The best kittens, technology, and video games blog in the world.

Saturday, July 20, 2013

Introduction to Data Archeology

A lot of data is in open or otherwise maintained formats - which you can access directly or use one of existing converters to work with. But sooner or later you're going to run into some completely undocumented format created just for a single no longer maintained software for which you have no source code, documentation, or tools of any kind.

Especially when you want to mod video games - which are pretty much all one-off no longer maintained programs with no source code, documentation, or tools of any kind.

If that ever happens - it's time to put your Indiana Jones hat and start some good old Data Archeology!

The most important fact about Data Archeology

The task might seem insurmountable at first - you're given a huge stash of undocumented binary (usually, I'll deal with text files or executable code later) files and task to make sense out of them, and at least extract data - or even better write tools to modify them.

Fortunately there's one thing helping you:
Data formats weren't designed to make your job harder - they were designed to make original developers' jobs easier.
Hypothetically the data could be completely crazy - it's not that much more difficult to use 22-bit middle-endian integers, strings encoded in backwards UTF-7, and interleaving members of the same struct one byte at a type.

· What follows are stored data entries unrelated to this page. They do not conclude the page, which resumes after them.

(* Let $w,w_1,w_2\in\{\mathrm{cla},\mathrm{sup},\mathrm{sta}\}$ be types, $g$ a generating function that is $w_1$-approximating with respect to $w$, $t$ a witness function that is $w_2$-ensuring with respect to $w$, and $\Pi$ a program. Then the set of all stable models of $\Pi$ equals $$\{L_{|\mathrm{atoms}(\Pi)} \mid L \text{ is a } w_1\text{-model of } g(\Pi) \text{ and } t(\Pi,L) \text{ has no } w_2\text{-models}\}.$$
   Context: Literals are atoms $a$ or negations $\neg a$. For a conjunction (resp. disjunction) $D$ of literals, viewed as a set, $\overline{D}$ is the disjunction (resp. conjunction) of the complements of its elements; as a set, the set of these complements. A set of literals is consistent if it contains no literal together with its complement. For a set $L$ of literals, $\mathrm{atoms}(L)$ is the set of atoms occurring in $L$, $L^+$ the set of atoms occurring positively in $L$, and for a set $X$ of atoms $L_{|X}$ is the set of literals of $L$ whose atom is in $X$; $L$ is complete over $X$ if $\mathrm{atoms}(L)=X$. A consistent set of literals is identified with the assignment making its positive atoms true and negated atoms false. A program $\Pi$ is a finite set of rules $A\leftarrow B$, with head $A$ a possibly empty disjunction (set) of atoms and body $B$ an expression $a_1,\dots,a_j,\ not\ a_{j+1},\dots,not\ a_k$, identified with the conjunction of literals $a_1\wedge\dots\wedge a_j\wedge\neg a_{j+1}\wedge\dots\wedge\neg a_k$; non-disjunctive if all heads have at most one atom. A rule $A\leftarrow B$ is identified with the clause $A\vee\overline B$. $\mathrm{atoms}(\Pi)$ is the set of atoms of $\Pi$. The reduct $\Pi^X$ deletes each rule whose negative body part contains an atom of $X$ and removes the negative body part from the remaining rules; $X$ is an answer set of $\Pi$ if it is minimal among sets of atoms satisfying $\Pi^X$. A rule $A\vee a\leftarrow B$ is supporting for $a$ w.r.t. $L$ if $L\cap(\overline B\cup A)=\emptyset$. A consistent $L$ complete over $\mathrm{atoms}(\Pi)$ is a $\mathrm{cla}$-model (classical model) if it satisfies every rule, a $\mathrm{sup}$-model if additionally every $a\in L^+$ has a supporting rule w.r.t. $L$, and a $\mathrm{sta}$-model (stable model) if $L^+$ is an answer set of $\Pi$. A generating function $g$ maps each program $\Pi$ to a program $g(\Pi)$ with $\mathrm{atoms}(\Pi)\subseteq\mathrm{atoms}(g(\Pi))$. A set $M$ covers $\Pi$ if $\mathrm{atoms}(\Pi)\subseteq\mathrm{atoms}(M)$. A witness function $t$ maps a program $\Pi$ and a consistent set $M$ of literals covering $\Pi$ to a non-disjunctive program $t(\Pi,M)$. $g$ is $w_1$-approximating w.r.t. $w$ if for every program $\Pi$: (1) for every stable model $L$ of $\Pi$ there is a $w_1$-model $L_1$ of $g(\Pi)$ with $L=(L_1)_{|\mathrm{atoms}(\Pi)}$; (2) for every $w_1$-model $M$ of $g(\Pi)$, $M_{|\mathrm{atoms}(\Pi)}$ is a $w$-model of $\Pi$. $t$ is $w_1$-ensuring w.r.t. $w$ if for every program $\Pi$ and every consistent set $M$ of literals covering $\Pi$ with $M_{|\mathrm{atoms}(\Pi)}$ a $w$-model of $\Pi$: $M_{|\mathrm{atoms}(\Pi)}$ is a stable model of $\Pi$ iff $t(\Pi,M)$ has no $w_1$-model. *)

From Stdlib Require Import List.
Import ListNotations.
Set Implicit Arguments.

Section ASP.
Variable A : Type.

Inductive lit : Type := Pos (a : A) | Neg (a : A).

Definition atom_of (l : lit) : A := match l with Pos a => a | Neg a => a end.

(* A rule  head <- pbody, not nbody ; head is a disjunction (set) of atoms. *)
Record rule : Type := Rule { head : list A; pbody : list A; nbody : list A }.

Definition program := list rule.

Definition lits := lit -> Prop.

Definition non_disjunctive (P : program) : Prop :=
  forall r, In r P -> length (head r) <= 1.

Definition atoms (P : program) (a : A) : Prop :=
  exists r, In r P /\ (In a (head r) \/ In a (pbody r) \/ In a (nbody r)).

Definition atoms_L (L : lits) (a : A) : Prop := L (Pos a) \/ L (Neg a).

Definition posL (L : lits) (a : A) : Prop := L (Pos a).

Definition restrict (L : lits) (X : A -> Prop) : lits :=
  fun l => L l /\ X (atom_of l).

Definition consistent (L : lits) : Prop := forall a, ~ (L (Pos a) /\ L (Neg a)).

Definition complete_over (L : lits) (X : A -> Prop) : Prop :=
  forall a, atoms_L L a <-> X a.

Definition covers (M : lits) (P : program) : Prop :=
  forall a, atoms P a -> atoms_L M a.

(* L satisfies the clause  head \/ complement(body) *)
Definition sat_rule (L : lits) (r : rule) : Prop :=
  (exists a, In a (head r) /\ L (Pos a)) \/
  (exists b, In b (pbody r) /\ L (Neg b)) \/
  (exists c, In c (nbody r) /\ L (Pos c)).

Definition cla_model (P : program) (L : lits) : Prop :=
  consistent L /\ complete_over L (atoms P) /\ forall r, In r P -> sat_rule L r.

Definition supporting (L : lits) (a : A) (r : rule) : Prop :=
  In a (head r) /\
  (forall b, In b (pbody r) -> ~ L (Neg b)) /\
  (forall c, In c (nbody r) -> ~ L (Pos c)) /\
  (forall h, In h (head r) -> h <> a -> ~ L (Pos h)).

Definition sup_model (P : program) (L : lits) : Prop :=
  cla_model P L /\ forall a, L (Pos a) -> exists r, In r P /\ supporting L a r.

Definition sat_reduct (P : program) (X Y : A -> Prop) : Prop :=
  forall r, In r P ->
    (forall c, In c (nbody r) -> ~ X c) ->
    (forall b, In b (pbody r) -> Y b) ->
    exists h, In h (head r) /\ Y h.

Definition answer_set (P : program) (X : A -> Prop) : Prop :=
  sat_reduct P X X /\
  forall Y : A -> Prop, (forall a, Y a -> X a) -> sat_reduct P X Y ->
    forall a, X a -> Y a.

Definition sta_model (P : program) (L : lits) : Prop :=
  consistent L /\ complete_over L (atoms P) /\ answer_set P (posL L).

End ASP.

Inductive mtype : Type := Cla | Sup | Sta.

Definition model (w : mtype) {A : Type} (P : program A) (L : lits A) : Prop :=
  match w with
  | Cla => cla_model P L
  | Sup => sup_model P L
  | Sta => sta_model P L
  end.

Definition generating_fun {A : Type} (g : program A -> program A) : Prop :=
  forall P a, atoms P a -> atoms (g P) a.

Definition witness_fun {A : Type} (t : program A -> lits A -> program A) : Prop :=
  forall P M, consistent M -> covers M P -> non_disjunctive (t P M).

Definition approximating {A : Type} (g : program A -> program A) (w1 w : mtype) : Prop :=
  forall P : program A,
    (forall L, sta_model P L ->
       exists L1, model w1 (g P) L1 /\ L = restrict L1 (atoms P)) /\
    (forall M, model w1 (g P) M -> model w P (restrict M (atoms P))).

Definition ensuring {A : Type} (t : program A -> lits A -> program A) (w2 w : mtype) : Prop :=
  forall (P : program A) (M : lits A), consistent M -> covers M P ->
    model w P (restrict M (atoms P)) ->
    (sta_model P (restrict M (atoms P)) <-> forall N, ~ model w2 (t P M) N).

From Stdlib Require Import FunctionalExtensionality PropExtensionality.

(** Every model of g(P) covers P and restricts to a w-model of P, so the
    ensuring property of t applies to it: its restriction is stable exactly
    when t(P, L1) has no w2-model.  Approximation supplies such an L1 for
    every stable model of P. *)

Lemma model_consistent_complete {A : Type} {w : mtype} {P : program A} {L : lits A} :
  model w P L -> consistent L /\ complete_over L (atoms P).
Proof.
  destruct w; simpl.
  - intros [Hcons [Hcomp _]]; split; assumption.
  - intros [[Hcons [Hcomp _]] _]; split; assumption.
  - intros [Hcons [Hcomp _]]; split; assumption.
Qed.

Lemma generated_model_covers {A : Type} {w : mtype} {g : program A -> program A}
  (P : program A) {L : lits A} :
  generating_fun g -> model w (g P) L -> consistent L /\ covers L P.
Proof.
  intros Hg HL.
  destruct (model_consistent_complete HL) as [Hcons Hcomp].
  split; [exact Hcons |].
  intros a Ha; apply Hcomp, Hg, Ha.
Qed.

Lemma stable_restrict_iff_no_witness_model {A : Type} {w w1 w2 : mtype}
  {g : program A -> program A} {t : program A -> lits A -> program A}
  (P : program A) {L1 : lits A} :
  generating_fun g -> approximating g w1 w -> ensuring t w2 w ->
  model w1 (g P) L1 ->
  (sta_model P (restrict L1 (atoms P)) <-> forall N, ~ model w2 (t P L1) N).
Proof.
  intros Hg Hap Hen HL1.
  destruct (generated_model_covers P Hg HL1) as [Hcons Hcov].
  exact (Hen P L1 Hcons Hcov (proj2 (Hap P) L1 HL1)).
Qed.

Theorem proposition4 (A : Type) (w w1 w2 : mtype)
  (g : program A -> program A) (t : program A -> lits A -> program A)
  (P : program A) :
  generating_fun g -> witness_fun t ->
  approximating g w1 w -> ensuring t w2 w ->
  (fun L : lits A => sta_model P L) =
  (fun L : lits A => exists L1 : lits A,
      model w1 (g P) L1 /\ (forall N, ~ model w2 (t P L1) N) /\
      L = restrict L1 (atoms P)).
Proof.
  intros Hg _ Hap Hen.
  apply functional_extensionality; intro L.
  apply propositional_extensionality; split.
  - intros HL.
    destruct (proj1 (Hap P) L HL) as [L1 [HL1 ->]].
    exists L1; split; [exact HL1 | split; [| reflexivity]].
    apply (stable_restrict_iff_no_witness_model P Hg Hap Hen HL1), HL.
  - intros [L1 [HL1 [Hno ->]]].
    apply (stable_restrict_iff_no_witness_model P Hg Hap Hen HL1), Hno.
Qed.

In practice you'll be seeing the simplest possible encodings 99% of the time because they get things done just as well.

How to get started

The best way to start is just getting some hex editor - 0xED for OSX is pretty good, but then so is plenty of others (feel free to recommend them in comments). Then open some data files and look inside.

There are two ways to look at files - bottom up and top down. Usually it's easier to start with a bottom up approach first. At this point you don't want to decode anything, just identify some patterns how data is encoded, and get an idea what the file is for in case that's not yet obvious.

Going bottom up

Here are some of the things you could look for:
  • Are there obvious strings in the file? Usually they're either ASCII (or derived encoding), or UTF-16. Usually they are either terminated by a 0 byte like in C, prefixed by number of characters or bytes (with length encoded in 8 or 16 bits), or padded with 0 bytes or spaces to some predefined size, but they could be something else.
  • Do you see any small integers? Are they 8, 16, or 32 bits? Little or big endian?
  • Can you see any floating point numbers? For PC games they're usually 32 bit (float), less commonly 64 bit (double). You'll probably need help from your hex editor to see them. Are there any obvious pairs or triples which could be 2D or 3D coordinates?
  • Does the file has obvious header at the beginning? Some kind of section headers within the file?
  • Do you see embedded text files, XMLs, or other formats?
  • Do you see anything which could be a file offset, or data size? These will take a little practice to recognize - and it helps to have file offsets and data decoding in your hex editor set to the same setting (either both hex or both decimal). File offsets are usually 32 bits, data sizes can be 16 or 32 bits, but it could be something else.
  • Are there any repetitive patterns like common data structures? Strings or file offsets in the file make it relatively easy to notice patterns, otherwise it's usually a lot trickier.
  • Does the file contain a lot of data that's not obviously decodable as something already mentioned?
You're not trying to decode the entire file at this point - just get a sense of what kind of data is inside, and how it's encoded.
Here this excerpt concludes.